[Source material — start]

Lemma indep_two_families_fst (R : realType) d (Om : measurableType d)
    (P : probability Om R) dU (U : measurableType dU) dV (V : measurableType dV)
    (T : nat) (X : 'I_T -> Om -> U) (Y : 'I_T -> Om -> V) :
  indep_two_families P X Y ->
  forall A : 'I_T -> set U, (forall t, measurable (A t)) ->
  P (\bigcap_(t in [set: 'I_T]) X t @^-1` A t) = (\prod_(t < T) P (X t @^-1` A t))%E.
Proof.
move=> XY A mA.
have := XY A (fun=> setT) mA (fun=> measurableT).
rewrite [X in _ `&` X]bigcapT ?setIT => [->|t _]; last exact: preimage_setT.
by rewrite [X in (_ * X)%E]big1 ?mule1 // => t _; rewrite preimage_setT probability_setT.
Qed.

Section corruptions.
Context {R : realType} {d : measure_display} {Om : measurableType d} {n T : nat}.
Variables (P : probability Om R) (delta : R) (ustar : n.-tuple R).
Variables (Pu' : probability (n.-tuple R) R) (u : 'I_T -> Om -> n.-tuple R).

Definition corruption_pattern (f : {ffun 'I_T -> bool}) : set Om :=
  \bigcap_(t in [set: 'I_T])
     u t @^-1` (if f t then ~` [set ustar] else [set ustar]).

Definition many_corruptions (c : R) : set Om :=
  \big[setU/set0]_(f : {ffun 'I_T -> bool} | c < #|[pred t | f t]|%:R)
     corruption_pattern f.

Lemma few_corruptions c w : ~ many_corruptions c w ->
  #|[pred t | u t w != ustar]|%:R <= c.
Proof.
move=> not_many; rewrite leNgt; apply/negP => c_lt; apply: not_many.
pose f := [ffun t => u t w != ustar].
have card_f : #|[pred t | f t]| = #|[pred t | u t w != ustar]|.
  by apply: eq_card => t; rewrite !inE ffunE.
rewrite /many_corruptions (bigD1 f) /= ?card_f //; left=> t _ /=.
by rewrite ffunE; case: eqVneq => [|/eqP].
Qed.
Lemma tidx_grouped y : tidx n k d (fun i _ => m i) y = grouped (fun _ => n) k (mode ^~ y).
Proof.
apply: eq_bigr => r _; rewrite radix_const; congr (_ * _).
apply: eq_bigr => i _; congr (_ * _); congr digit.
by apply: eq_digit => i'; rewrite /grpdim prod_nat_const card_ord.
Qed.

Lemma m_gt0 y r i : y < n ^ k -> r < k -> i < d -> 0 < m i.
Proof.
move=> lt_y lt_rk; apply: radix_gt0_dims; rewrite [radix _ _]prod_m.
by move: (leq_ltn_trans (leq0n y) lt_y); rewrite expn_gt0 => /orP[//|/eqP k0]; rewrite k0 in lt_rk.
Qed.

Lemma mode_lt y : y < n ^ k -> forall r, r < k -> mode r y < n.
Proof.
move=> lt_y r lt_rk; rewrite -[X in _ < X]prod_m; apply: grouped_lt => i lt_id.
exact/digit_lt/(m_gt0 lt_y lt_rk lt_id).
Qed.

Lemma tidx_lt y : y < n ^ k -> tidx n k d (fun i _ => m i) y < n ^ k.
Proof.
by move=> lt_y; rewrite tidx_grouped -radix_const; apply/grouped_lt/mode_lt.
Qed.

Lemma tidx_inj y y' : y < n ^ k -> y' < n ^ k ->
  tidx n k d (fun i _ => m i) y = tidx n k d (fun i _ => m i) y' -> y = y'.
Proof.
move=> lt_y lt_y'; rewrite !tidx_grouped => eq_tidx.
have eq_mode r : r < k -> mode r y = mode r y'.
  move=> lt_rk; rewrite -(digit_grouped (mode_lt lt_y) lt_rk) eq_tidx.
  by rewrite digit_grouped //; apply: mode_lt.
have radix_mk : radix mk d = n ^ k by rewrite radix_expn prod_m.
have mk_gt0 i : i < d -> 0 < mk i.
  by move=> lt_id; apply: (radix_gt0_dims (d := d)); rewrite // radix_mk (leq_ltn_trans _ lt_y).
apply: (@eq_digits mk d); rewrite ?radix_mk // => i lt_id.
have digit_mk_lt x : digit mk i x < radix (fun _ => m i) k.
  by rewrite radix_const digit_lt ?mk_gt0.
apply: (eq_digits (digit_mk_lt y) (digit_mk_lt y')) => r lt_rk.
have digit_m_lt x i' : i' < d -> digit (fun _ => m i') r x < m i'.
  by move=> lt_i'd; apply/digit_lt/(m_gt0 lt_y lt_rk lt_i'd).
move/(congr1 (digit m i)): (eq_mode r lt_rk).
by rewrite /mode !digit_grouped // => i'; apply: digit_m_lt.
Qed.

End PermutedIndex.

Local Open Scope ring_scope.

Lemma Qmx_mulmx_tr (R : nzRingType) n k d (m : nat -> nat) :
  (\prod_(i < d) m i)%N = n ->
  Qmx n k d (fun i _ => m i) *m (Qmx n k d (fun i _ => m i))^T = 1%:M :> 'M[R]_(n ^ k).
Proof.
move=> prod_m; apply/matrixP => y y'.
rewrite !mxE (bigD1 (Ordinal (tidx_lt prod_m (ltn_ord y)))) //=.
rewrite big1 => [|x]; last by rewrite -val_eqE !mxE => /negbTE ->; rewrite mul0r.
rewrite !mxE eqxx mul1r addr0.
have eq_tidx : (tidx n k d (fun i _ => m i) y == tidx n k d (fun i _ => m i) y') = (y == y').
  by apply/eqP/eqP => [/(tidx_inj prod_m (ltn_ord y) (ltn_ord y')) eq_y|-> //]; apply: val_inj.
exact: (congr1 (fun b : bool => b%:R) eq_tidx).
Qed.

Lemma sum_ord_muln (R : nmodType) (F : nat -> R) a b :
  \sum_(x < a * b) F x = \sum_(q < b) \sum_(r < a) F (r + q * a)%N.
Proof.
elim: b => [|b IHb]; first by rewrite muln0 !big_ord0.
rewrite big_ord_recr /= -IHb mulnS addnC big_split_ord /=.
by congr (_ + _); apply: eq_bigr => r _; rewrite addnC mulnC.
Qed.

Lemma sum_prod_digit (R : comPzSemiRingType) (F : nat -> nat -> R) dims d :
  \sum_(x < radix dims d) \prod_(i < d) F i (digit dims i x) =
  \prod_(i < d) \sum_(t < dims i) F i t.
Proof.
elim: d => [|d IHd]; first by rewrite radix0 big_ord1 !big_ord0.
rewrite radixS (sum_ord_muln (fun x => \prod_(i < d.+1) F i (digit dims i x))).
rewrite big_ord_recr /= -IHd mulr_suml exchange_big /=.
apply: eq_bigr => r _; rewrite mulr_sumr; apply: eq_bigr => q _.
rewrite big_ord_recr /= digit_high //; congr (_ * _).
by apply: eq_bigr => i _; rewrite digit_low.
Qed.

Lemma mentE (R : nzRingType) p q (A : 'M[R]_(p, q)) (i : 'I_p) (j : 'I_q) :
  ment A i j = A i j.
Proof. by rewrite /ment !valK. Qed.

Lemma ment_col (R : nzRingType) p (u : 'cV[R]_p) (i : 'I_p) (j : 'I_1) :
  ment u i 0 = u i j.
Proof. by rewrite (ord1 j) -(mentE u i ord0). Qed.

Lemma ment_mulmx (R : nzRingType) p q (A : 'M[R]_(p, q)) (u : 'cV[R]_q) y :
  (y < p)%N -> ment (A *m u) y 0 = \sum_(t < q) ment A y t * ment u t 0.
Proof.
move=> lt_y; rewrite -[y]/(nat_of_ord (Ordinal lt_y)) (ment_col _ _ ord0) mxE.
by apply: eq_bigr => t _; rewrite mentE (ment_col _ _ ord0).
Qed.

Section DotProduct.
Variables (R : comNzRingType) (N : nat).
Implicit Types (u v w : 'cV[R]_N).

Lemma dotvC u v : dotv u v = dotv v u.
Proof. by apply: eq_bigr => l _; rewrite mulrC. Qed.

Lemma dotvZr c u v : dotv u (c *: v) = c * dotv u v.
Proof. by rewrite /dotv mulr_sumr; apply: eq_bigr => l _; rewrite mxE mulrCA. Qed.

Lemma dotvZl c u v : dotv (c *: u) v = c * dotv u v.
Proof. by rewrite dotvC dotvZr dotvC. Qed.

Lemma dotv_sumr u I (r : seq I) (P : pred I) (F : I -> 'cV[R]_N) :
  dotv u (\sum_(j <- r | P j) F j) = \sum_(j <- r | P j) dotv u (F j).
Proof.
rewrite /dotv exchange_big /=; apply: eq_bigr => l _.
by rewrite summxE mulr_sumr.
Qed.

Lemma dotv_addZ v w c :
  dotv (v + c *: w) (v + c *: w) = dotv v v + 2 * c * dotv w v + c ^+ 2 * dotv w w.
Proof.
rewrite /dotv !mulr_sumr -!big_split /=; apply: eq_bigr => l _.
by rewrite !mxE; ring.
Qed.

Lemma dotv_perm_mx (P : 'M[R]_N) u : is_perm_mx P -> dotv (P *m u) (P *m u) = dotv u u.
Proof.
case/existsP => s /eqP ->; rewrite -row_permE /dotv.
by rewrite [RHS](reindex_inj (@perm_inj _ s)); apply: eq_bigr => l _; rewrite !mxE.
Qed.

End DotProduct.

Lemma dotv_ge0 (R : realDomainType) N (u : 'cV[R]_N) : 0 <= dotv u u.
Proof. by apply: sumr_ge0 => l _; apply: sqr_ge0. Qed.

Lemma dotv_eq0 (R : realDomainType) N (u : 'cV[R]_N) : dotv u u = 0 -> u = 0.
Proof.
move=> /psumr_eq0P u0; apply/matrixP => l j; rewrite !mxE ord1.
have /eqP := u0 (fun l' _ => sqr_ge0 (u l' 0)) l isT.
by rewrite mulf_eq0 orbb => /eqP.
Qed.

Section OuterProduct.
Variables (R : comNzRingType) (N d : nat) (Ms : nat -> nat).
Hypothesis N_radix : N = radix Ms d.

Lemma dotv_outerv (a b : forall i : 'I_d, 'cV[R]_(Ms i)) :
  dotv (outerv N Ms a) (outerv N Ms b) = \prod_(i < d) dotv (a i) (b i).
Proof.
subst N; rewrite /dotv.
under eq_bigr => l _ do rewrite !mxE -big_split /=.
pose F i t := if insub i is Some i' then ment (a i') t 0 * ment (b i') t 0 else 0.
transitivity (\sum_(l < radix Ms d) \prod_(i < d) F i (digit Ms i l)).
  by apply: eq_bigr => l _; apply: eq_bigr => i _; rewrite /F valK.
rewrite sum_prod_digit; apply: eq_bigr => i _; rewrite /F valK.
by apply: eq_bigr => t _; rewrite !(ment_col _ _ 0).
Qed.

[Source material — finish]

Description of the task ▸ Beginning at the top of the records above, transcribe each line exactly up to and including the line that holds "move=> lt_y r".

Reply to the exercise ▸
Lemma indep_two_families_fst (R : realType) d (Om : measurableType d)
    (P : probability Om R) dU (U : measurableType dU) dV (V : measurableType dV)
    (T : nat) (X : 'I_T -> Om -> U) (Y : 'I_T -> Om -> V) :
  indep_two_families P X Y ->
  forall A : 'I_T -> set U, (forall t, measurable (A t)) ->
  P (\bigcap_(t in [set: 'I_T]) X t @^-1` A t) = (\prod_(t < T) P (X t @^-1` A t))%E.
Proof.
move=> XY A mA.
have := XY A (fun=> setT) mA (fun=> measurableT).
rewrite [X in _ `&` X]bigcapT ?setIT => [->|t _]; last exact: preimage_setT.
by rewrite [X in (_ * X)%E]big1 ?mule1 // => t _; rewrite preimage_setT probability_setT.
Qed.

Section corruptions.
Context {R : realType} {d : measure_display} {Om : measurableType d} {n T : nat}.
Variables (P : probability Om R) (delta : R) (ustar : n.-tuple R).
Variables (Pu' : probability (n.-tuple R) R) (u : 'I_T -> Om -> n.-tuple R).

Definition corruption_pattern (f : {ffun 'I_T -> bool}) : set Om :=
  \bigcap_(t in [set: 'I_T])
     u t @^-1` (if f t then ~` [set ustar] else [set ustar]).

Definition many_corruptions (c : R) : set Om :=
  \big[setU/set0]_(f : {ffun 'I_T -> bool} | c < #|[pred t | f t]|%:R)
     corruption_pattern f.

Lemma few_corruptions c w : ~ many_corruptions c w ->
  #|[pred t | u t w != ustar]|%:R <= c.
Proof.
move=> not_many; rewrite leNgt; apply/negP => c_lt; apply: not_many.
pose f := [ffun t => u t w != ustar].
have card_f : #|[pred t | f t]| = #|[pred t | u t w != ustar]|.
  by apply: eq_card => t; rewrite !inE ffunE.
rewrite /many_corruptions (bigD1 f) /= ?card_f //; left=> t _ /=.
by rewrite ffunE; case: eqVneq => [|/eqP].
Qed.
Lemma tidx_grouped y : tidx n k d (fun i _ => m i) y = grouped (fun _ => n) k (mode ^~ y).
Proof.
apply: eq_bigr => r _; rewrite radix_const; congr (_ * _).
apply: eq_bigr => i _; congr (_ * _); congr digit.
by apply: eq_digit => i'; rewrite /grpdim prod_nat_const card_ord.
Qed.

Lemma m_gt0 y r i : y < n ^ k -> r < k -> i < d -> 0 < m i.
Proof.
move=> lt_y lt_rk; apply: radix_gt0_dims; rewrite [radix _ _]prod_m.
by move: (leq_ltn_trans (leq0n y) lt_y); rewrite expn_gt0 => /orP[//|/eqP k0]; rewrite k0 in lt_rk.
Qed.

Lemma mode_lt y : y < n ^ k -> forall r, r < k -> mode r y < n.
Proof.
move=> lt_y r lt_rk; rewrite -[X in _ < X]prod_m; apply: grouped_lt => i lt_id.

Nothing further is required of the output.